Under the new postseason format, a third-place team can squeak into the playoffs in the final wild card spot and 12 wins later be spraying champagne, lifting the trophy and planning a parade. And there's a good chance the extra American League team will come from the wild, wild East, a division where the pitching-rich Rays have upended the New York Yankees and Boston Red Sox to win two division titles in the last four seasons.
"It's going to happen," Yankees first baseman Mark Teixeira said. "It's not necessarily who has the best record in the regular season, it's who's hot in the postseason."
"Two weeks before the season was over, would anyone have thought that St. Louis was going to win the World Series? But that's baseball. That's the beauty of baseball."
Last year's Cardinals were the fifth wild-card champion, and now more are sure to follow.
Through 1968, the two pennant winners went directly to the World Series. When each league split into two divisions, the postseason doubled to four teams, with a league championship series added in a move that upset tradition-bound fans. The playoffs increased to eight teams in 1995 (a year later than intended, because of a season-ending strike) as each league went to three divisions.

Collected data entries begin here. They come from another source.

(* k-graphs: countable categories with a degree functor into N^k      *)
(* satisfying unique factorisation.  The (partial) composition is      *)
(* encoded by a total function [pcat], constrained only on composable  *)
(* pairs; [pcat mu nu] is the path "mu nu" (mu followed by nu, with    *)
(* s(mu) = r(nu)).                                                     *)
Record kgraph (k : nat) := KGraph {
  Vx : Type;
  Pth : Type;
  rg : Pth -> Vx;
  sc : Pth -> Vx;
  idp : Vx -> Pth;
  pcat : Pth -> Pth -> Pth;
  dg : Pth -> NN k;
  Vx_countable : exists f : Vx -> nat, injective f;
  Pth_countable : exists f : Pth -> nat, injective f;
  rg_idp : forall v, rg (idp v) = v;
  sc_idp : forall v, sc (idp v) = v;
  pcomp_idl : forall l, pcat (idp (rg l)) l = l;
  pcomp_idr : forall l, pcat l (idp (sc l)) = l;
  rg_comp : forall m n, sc m = rg n -> rg (pcat m n) = rg m;
  sc_comp : forall m n, sc m = rg n -> sc (pcat m n) = sc n;
  comp_assoc : forall a b c, sc a = rg b -> sc b = rg c ->
      pcat (pcat a b) c = pcat a (pcat b c);
  dg_idp : forall v, dg (idp v) = nzero;
  dg_comp : forall m n, sc m = rg n -> dg (pcat m n) = nadd (dg m) (dg n);
  factor_ex : forall l (m n : NN k), dg l = nadd m n ->
      exists mu nu, sc mu = rg nu /\ dg mu = m /\ dg nu = n /\ l = pcat mu nu;
  factor_uniq : forall mu nu mu' nu',
      sc mu = rg nu -> sc mu' = rg nu' ->
      dg mu = dg mu' -> dg nu = dg nu' -> pcat mu nu = pcat mu' nu' ->
      mu = mu' /\ nu = nu'
}.

Arguments rg {k L} _ : rename.
Arguments sc {k L} _ : rename.
Arguments idp {k L} _ : rename.
Arguments pcat {k L} _ _ : rename.
Arguments dg {k L} _ : rename.

Definition row_finite_no_sources {k} (L : kgraph k) : Prop :=
  forall (v : Vx L) (n : NN k),
    (exists l : list (Pth L), forall lam, In lam l <-> (rg lam = v /\ dg lam = n))
    /\ (exists lam : Pth L, rg lam = v /\ dg lam = n).

(* Kumjian-Pask families in (unital) R-algebras.  An identity holds in  *)
(* KP_R(Lambda) iff it holds for every Kumjian-Pask family in every     *)
(* R-algebra (universal property; the nonunital universal algebra       *)
(* embeds in its unitisation).  Convention s_v = s_{v^*} = p_v is built *)
(* in: p_v := ks (idp v), and ks/kss are defined on all paths.          *)
Record KPfamily {k} (L : kgraph k) (R : comNzRingType) (A : algType R) := KPFam {
  ks : Pth L -> A;
  kss : Pth L -> A;
  kp := fun v => ks (idp v);
  KP0 : forall v, kss (idp v) = kp v;
  KP1a : forall v, kp v * kp v = kp v;
  KP1b : forall v w, v <> w -> kp v * kp w = 0;
  KP2a : forall l m, sc l = rg m -> ks l * ks m = ks (pcat l m);
  KP2b : forall l m, sc l = rg m -> kss m * kss l = kss (pcat l m);
  KP2c : forall l, kp (rg l) * ks l = ks l /\ ks l * kp (sc l) = ks l;
  KP2d : forall l, kp (sc l) * kss l = kss l /\ kss l * kp (rg l) = kss l;
  KP3a : forall l, kss l * ks l = kp (sc l);
  KP3b : forall l m, dg l = dg m -> l <> m -> kss l * ks m = 0;
  KP4 : forall (v : Vx L) (n : NN k), n <> nzero ->
      forall l : list (Pth L), NoDup l ->
      (forall lam, In lam l <-> (rg lam = v /\ dg lam = n)) ->
      kp v = \sum_(lam <- l) ks lam * kss lam
}.

Arguments ks {k L R A} _ _.
Arguments kss {k L R A} _ _.

(* An element of KP_R(Lambda), described as a function of the KP family,
   vanishes / two such coincide in KP_R(Lambda). *)
Definition KP_eq {k} (L : kgraph k) (R : comNzRingType)
  (e1 e2 : forall (A : algType R), KPfamily L A -> A) : Prop :=
  forall (A : algType R) (S : KPfamily L A), e1 A S = e2 A S.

And now, 10 of 30 teams will go to the postseason, still a lower percentage than the NFL (12 of 32) and the NBA and NHL (16 of 30).
Old-style, six-month battles for first, like the 1951 struggle between the New York Giants and the Brooklyn Dodgers and the 1978 fight between the Yankees and the Red Sox, are as dated as the dead ball.
Rays senior adviser Don Zimmer, a Dodgers minor leaguer during the '51 race who retired as a player in 1965 after a dozen big league seasons, said the straight-to-the-Series system wouldn't work anymore.
"Oh no. Not now. Too many teams," he said. "I think the more teams go to the playoffs, the more fans come to watch their teams."
Under the new format, the three division winners in each league advance to the postseason along with the two non-division winners with the best records. The wild cards meet in a one-game playoff, with the winner moving on to the best-of-five division series. And the prohibition against teams from the same division meeting before the LCS has been eliminated.
While teams as low as third place have never won the Super Bowl, it's happened twice in the NBA. The 1969 Boston Celtics won the championship after finishing fourth in the East and the 1995 Houston Rockets took the title after coming in third in the Midwest.
There's been one fourth-place Stanley Cup champion, according to STATS LLC, the 1949 Toronto Maple Leafs. Nine third-place teams are engraved on the cup, the last being the 1993 Montreal Canadiens.
The last great regular-season race in baseball was in 1993, when Atlanta (104-58) edged out San Francisco (103-59) -- the Giants had the most wins since 1954 of a team that failed to finish first.
Not since the 1995 Braves has the team with the National League's best record won the World Series, according to STATS. The top AL team has fared better, with the 1998, 1999 and 2009 Yankees winning along with the 2005 Chicago White Sox and the 2007 Boston Red Sox (who tied with Cleveland for the top record).
"I don't think there's a pennant race anymore. That's been extinct since they made the divisions," Toronto slugger Jose Bautista said. "There's division championships that are still employed but there's not a pennant race. That's long gone. When there was just the American League and National League and whoever was on top, that's when it really meant something."
Had the new system been in place, both AL wild cards would have come from the East in three of the last four years, creating wild card matchups of Rays-Red Sox last year and Yankees-Red Sox in 2008 and 2010. The lone exception would have been 2009, when Boston would have played Texas in the wild-card round.
"The way it's played out in the past, it'll just be another game against two teams in this division," Boston pitcher Clay Buchholz said. "So we'll be able to add another team from this division in the playoffs, if everything goes good and the division is still as strong as it has been."
While there's more incentive to win the division and avoid the one-loss-and-you're-out round, even a team like the Baltimore Orioles, in the midst of 14 consecutive losing seasons, has increased hope of October ball.
"It gives a lot of people a little bit of chance," Orioles shortstop J.J. Hardy said. "We all say it -- once you're in the playoffs anything can happen. If you sneak in, as one of the extra wild-card teams, there's no saying you can't win the World Series."
Out of it has been redefined. Among the wild card Series winners, the 1997 Florida Marlins finished nine games out of first. The others -- the 2002 Anaheim Angels, 2003 Marlins, 2004 Red Sox and last year's Cardinals -- all dropped 10-1/2 games back of first at some point, STATS said.
Players and fans sure weren't thinking about that when jumping up and down at the year's final out.
"If you're a World Series champion, you're a World Series champion," Rays pitcher David Price said. "That means you're the best team in baseball, especially that last month of the season. That speaks volumes about your team, the coaching. It's how you're able to put it together that last month."